The company’s early angel investors encouraged Gogar to travel to Silicon Valley and experience the start-up culture there first-hand, as well as go through the process of pitching for venture capital funding. “They were like, ‘Hey, Tomas, you should go to Silicon Valley to see how it’s done. So I went, and I have to say, I was thrilled. I had the felt like everyone was so smart. I went to Pitch Nights and failed miserably,” says Gogar.

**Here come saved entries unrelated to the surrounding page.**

(* In the first copy containing the edge xy, x or y is new: otherwise xy is the
   attaching edge of that copy and lies in an earlier one. *)
Lemma adj_first_copy x y : tadj Hs x y ->
  exists2 i, i < size Hs & [&& x \in copy Hs i, y \in copy Hs i &
                              (x \in new_vertices i) || (y \in new_vertices i)].
Proof.
case/tadjP => _ ex_i.
have ex_i' : exists i, [&& i < size Hs, x \in copy Hs i & y \in copy Hs i].
  by case: ex_i => i lt_i xyi; exists i; rewrite lt_i.
case: (ex_minnP ex_i') => i /and3P [lt_i xi yi] min_i.
exists i; rewrite // xi yi !inE xi yi !andbT -negb_and; apply/negP => /andP [xP yP].
have i_gt0 : 0 < i by rewrite lt0n; apply: contraTneq xP => ->; rewrite prefix_vertices0 inE.
have /copy_attach [j lt_ji sub_j] : 0 < i < size Hs by rewrite i_gt0.
have := min_i j; rewrite (leq_trans lt_ji (ltnW lt_i)).
rewrite (subsetP sub_j x) ?(subsetP sub_j y) ?inE ?xi ?yi ?xP ?yP // => /(_ isT).
by rewrite leqNgt lt_ji.
Qed.

Definition copy_pairs i (X : {set V}) : {set V * V} :=
  touching_pairs (new_vertices i :&: X) (copy Hs i :&: prefix_vertices Hs i :&: X).

Lemma adj_pairs_sub (X : {set V}) :
  adj_pairs X \subset \bigcup_(i < size Hs) copy_pairs (val i) X.
Proof.
apply/subsetP => -[x y]; rewrite inE /= => /and3P [xX yX xy].
have [i lt_i /and3P [xi yi new_xy]] := adj_first_copy xy.
apply/bigcupP; exists (Ordinal lt_i) => //; rewrite inE /=.
have -> : new_vertices i :&: X :|: copy Hs i :&: prefix_vertices Hs i :&: X = copy Hs i :&: X.
  apply/setP => z; rewrite !inE.
  by case: (z \in prefix_vertices Hs i); case: (z \in copy Hs i); case: (z \in X).
by case/andP: xy => xy _; rewrite !in_setI xX yX xi yi xy !andbT.
Qed.

Lemma copy_full i (X : {set V}) : (copy Hs i \subset X) =
  (#|new_vertices i :&: X| == #|new_vertices i|) &&
  (#|copy Hs i :&: prefix_vertices Hs i :&: X| == #|copy Hs i :&: prefix_vertices Hs i|).
Proof.
by rewrite -{1}(setID (copy Hs i) (prefix_vertices Hs i)) subUset andbC !subset_cardsI.
Qed.

Lemma adj_pairs_bound (X : {set V}) :
  #|adj_pairs X| + 2 * touched_copies X <=
  (r + 1) * #|X :&: tree_vertices Hs| + 2 * full_copies X.
Proof.
rewrite tree_vertices_prefix card_prefix_vertices /touched_copies /full_copies !big_distrr /=.
have pairs_le := leq_trans (subset_leq_card (adj_pairs_sub X)) (card_bigcup_le _ _).
apply: leq_trans (leq_add pairs_le (leqnn _)) _.
rewrite -!big_split /=; apply: leq_sum => -[i lt_i] _ /=.
apply: leq_trans (leq_add (card_touching_pairs _ _) (leqnn _)) _.
rewrite -card_gt0 copy_full.
apply: copy_count_arith; rewrite ?(card_new_vertices lt_i) ?(card_copy_prefix lt_i) //.
  by apply: subset_leq_card; apply: subsetIl.
by apply: subset_leq_card; apply: subsetIl.
Qed.

Lemma card_le_touched (X : {set V}) : #|X :&: tree_vertices Hs| <= r * touched_copies X.
Proof.
rewrite tree_vertices_prefix card_prefix_vertices big_distrr; apply: leq_sum => -[i lt_i] _ /=.
rewrite -card_gt0; have := card_new_vertices lt_i.
have : #|new_vertices i :&: X| <= #|new_vertices i| by apply: subset_leq_card; apply: subsetIl.
by case: (posnP #|new_vertices i :&: X|) => [-> //|]; lia.
Qed.

Lemma full_copies_le (X : {set V}) : full_copies X <= #|X :&: tree_vertices Hs|.
Proof.
rewrite tree_vertices_prefix card_prefix_vertices; apply: leq_sum => -[i lt_i] _ /=.
rewrite copy_full; case: eqP => [->|//] /=.
by case: (_ == _) => //; apply: new_vertices_gt0.
Qed.

Lemma adj_pairs_setU1 (A : {set V}) u : u \notin A ->
  #|adj_pairs A| + 2 * #|nbrs A u| <= #|adj_pairs (u |: A)|.
Proof.
move=> uA; set L := [set (w, u) | w in nbrs A u]; set R := [set (u, w) | w in nbrs A u].
have wA w : w \in nbrs A u -> w \in A by rewrite inE => /andP [].
have disj_LR : [disjoint L & R].
  rewrite -setI_eq0; apply/eqP/setP => p; rewrite !inE.
  by apply/negP => /andP [/imsetP [w /wA wA' ->] /imsetP [w' _ [eq_wu _]]]; rewrite -eq_wu wA' in uA.
have disj_A : [disjoint adj_pairs A & L :|: R].
  rewrite -setI_eq0; apply/eqP/setP => p; rewrite !inE.
  apply/negP => /andP [/and3P [p1A p2A _] /orP [] /imsetP [w _ eq_p]];
    by move: p1A p2A; rewrite eq_p /= (negbTE uA) ?andbF.
have sub : adj_pairs A :|: (L :|: R) \subset adj_pairs (u |: A).
  apply/subsetP => p; rewrite !inE => /orP [/and3P [-> -> ->]|]; rewrite ?orbT //.
  case/orP => /imsetP [w wN ->]; have := wN; rewrite inE => /andP [wA' adj_wu];
    by rewrite /= wA' eqxx ?orbT //= tadj_sym.
apply: leq_trans (subset_leq_card sub); rewrite !cardsU_disjoint //.
have inj_l : injective (fun w : V => (w, u)) by move=> w w' [].
have inj_r : injective (pair u : V -> V * V) by move=> w w' [].
by rewrite !card_imset // addnn -mul2n.
Qed.

Lemma completed_copy i (A : {set V}) u : i < size Hs -> u \notin A ->
  copy Hs i \subset u |: A -> ~~ (copy Hs i \subset A) ->
  u \in copy Hs i /\ copy Hs i :\ u \subset nbrs A u.
Proof.
move=> lt_i uA sub_uA not_sub.
have ui : u \in copy Hs i.
  apply: contraNT not_sub => not_ui; apply/subsetP => x xi.
  by have := subsetP sub_uA x xi; rewrite in_setU1 => /orP [/eqP eq_xu|//]; rewrite -eq_xu xi in not_ui.
split => //; apply/subsetP => x; rewrite !inE => /andP [xu xi].
have := subsetP sub_uA x xi; rewrite in_setU1 (negbTE xu) /= => ->.
exact: tadj_copy lt_i xi ui xu.
Qed.

Definition completed_copies (A : {set V}) (u : V) : {set 'I_(size Hs)} :=
  [set i : 'I_(size Hs) | (copy Hs i \subset u |: A) && ~~ (copy Hs i \subset A)].

Lemma full_copies_setU1_le (A : {set V}) u :
  full_copies (u |: A) <= full_copies A + #|completed_copies A u|.
Proof.
rewrite /full_copies -sum1_card [X in _ + X]big_mkcond -big_split /=; apply: leq_sum => i _.
by rewrite inE; case: (copy Hs i \subset u |: A); case: (copy Hs i \subset A).
Qed.

(* The earliest completed copy provides r - 1 infected neighbours of u, and
   each later one a new vertex of its own. *)
Lemma card_completed_copies (A : {set V}) u : u \notin A -> completed_copies A u != set0 ->
  #|completed_copies A u| + (r - 2) <= #|nbrs A u|.
Proof.
move=> uA /set0Pn [i1 i1T]; set T := completed_copies A u.
have [i0 i0T min_i0] : exists2 i0 : 'I_(size Hs), i0 \in T & forall i, i \in T -> i0 <= i.
  by case: (arg_minnP (fun i : 'I_(size Hs) => val i) i1T) => i0; exists i0.
have completed i : i \in T -> u \in copy Hs i /\ copy Hs i :\ u \subset nbrs A u.
  by rewrite inE => /andP [sub not_sub]; apply: completed_copy.
have [u_i0 sub_i0] := completed i0 i0T.
pose f (i : 'I_(size Hs)) := odflt u [pick v in new_vertices i].
have f_new (i : 'I_(size Hs)) : f i \in new_vertices i.
  rewrite /f; case: pickP => [v //|none].
  by have /card_gt0P [v] := new_vertices_gt0 (ltn_ord i); rewrite none.
have i0_lt i : i \in T :\ i0 -> val i0 < val i.
  by rewrite in_setD1 ltn_neqAle val_eqE eq_sym => /andP [-> /min_i0].
have f_nbrs : f @: (T :\ i0) \subset nbrs A u :\: copy Hs i0.
  apply/subsetP => _ /imsetP [i iT ->].
  have [ui sub_i] := completed i (subsetP (subsetDl _ _) i iT).
  have /setDP [fi f_prefix] := f_new i.
  have i0_prefix := copy_sub_prefix (i0_lt i iT).
  have fu : f i != u by apply: contraNneq f_prefix => ->; apply: subsetP i0_prefix u u_i0.
  rewrite inE (subsetP sub_i) ?inE ?fu ?fi // andbT.
  by apply: contra f_prefix; apply: subsetP.
have f_inj : {in T :\ i0 &, injective f}.
  move=> i j _ _ fij; apply: val_inj; case: (ltngtP (val i) (val j)) => // lt.
    by have := new_vertices_disjoint lt (f_new i); rewrite fij f_new.
  by have := new_vertices_disjoint lt (f_new j); rewrite -fij f_new.
have card_i0 : r - 1 <= #|nbrs A u :&: copy Hs i0|.
  have := cardsD1 u (copy Hs i0); rewrite u_i0 card_copy // => card_i0u.
  have : copy Hs i0 :\ u \subset nbrs A u :&: copy Hs i0 by rewrite subsetI sub_i0 subsetDl.
  by move/subset_leq_card; lia.
have card_T : #|T| <= #|nbrs A u :\: copy Hs i0| + 1.
  by rewrite (cardsD1 i0 T) i0T addn1 ltnS -(card_in_imset f_inj) subset_leq_card.
by rewrite -(cardsID (copy Hs i0) (nbrs A u)); lia.
Qed.

(* By truncated subtraction, no copy is completed when u has fewer than r - 2
   infected neighbours. *)
Lemma full_copies_setU1 (A : {set V}) u : u \notin A ->
  full_copies (u |: A) <= full_copies A + (#|nbrs A u| - (r - 2)).
Proof.
move=> uA; apply: leq_trans (full_copies_setU1_le A u) _.
have [-> | T0] := eqVneq (completed_copies A u) set0; first by rewrite cards0 leq_add2l.
by have := card_completed_copies uA T0; lia.
Qed.

Lemma usual_okE (A : {set V}) u :
  usual_ok r Hs A u = (u \notin A) && (r - 2 <= #|nbrs A u|).
Proof. by []. Qed.

Lemma nbrsS (A B : {set V}) z : A \subset B -> nbrs A z \subset nbrs B z.
Proof. by move=> AB; apply/subsetP => w; rewrite !inE => /andP [/(subsetP AB) -> ->]. Qed.

Section SpecialEdge.
Local Set Default Proof Using "All".
Variables (A : {set V}) (i j : nat) (a b : V).
Hypotheses (lt_i : i < size Hs) (lt_j : j < size Hs) (ij : i != j) (ab : a != b).
Hypothesis ab_ij : [&& a \in copy Hs i, b \in copy Hs i, a \in copy Hs j & b \in copy Hs j].
Hypothesis ab_fresh : [disjoint (copy Hs i :|: copy Hs j) :&: A & [set a; b]].

Lemma special_edge_copies z : z \in [set a; b] -> (z \in copy Hs i) && (z \in copy Hs j).
Proof. by case/and4P: ab_ij => ai bi aj bj; rewrite !inE => /orP [] /eqP ->; apply/andP. Qed.

Lemma special_edge_fresh z : z \in [set a; b] -> z \notin A.
Proof.
move=> zab; have /andP [zi _] := special_edge_copies zab.
by have := disjointFl ab_fresh zab; rewrite !inE zi => /negbT.
Qed.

Gogar’s experience as a Czech doctoral student taught him to be very conservative when writing scholarship proposals. But no VC wants a conservative view of the future. They expect exponential growth. “It was like a culture shock when I started pitching in the US and Silicon Valley. I was not good at fundraising, so I went on a mission to find clients instead” , explains Gogar.

He had the chance to introduce Flexport and its founder Ryan Peterson, which resulted in a small deal. Peterson didn’t just become a client, he became an investor and introduced Gogar to Elad Gil, an investor and advisor to companies such as Airbnb, Airtable, Coinbase, Figma and Flexport. These early investor relationships would later help Gogar open the doors to significant venture capital funding. “Coming out of Prague, it takes time, but we managed to reach the Silicon Valley network thanks to the success of the product itself. I didn’t manage to make that investor pitch,” says Gogar.

As for the future? “We don’t want people to spend their lives entering data. This really tedious work should go away. I think we should be able to solve 90% of the problem and the remaining 10% will be difficult, but I think we should be able to do it,” Gogar concludes.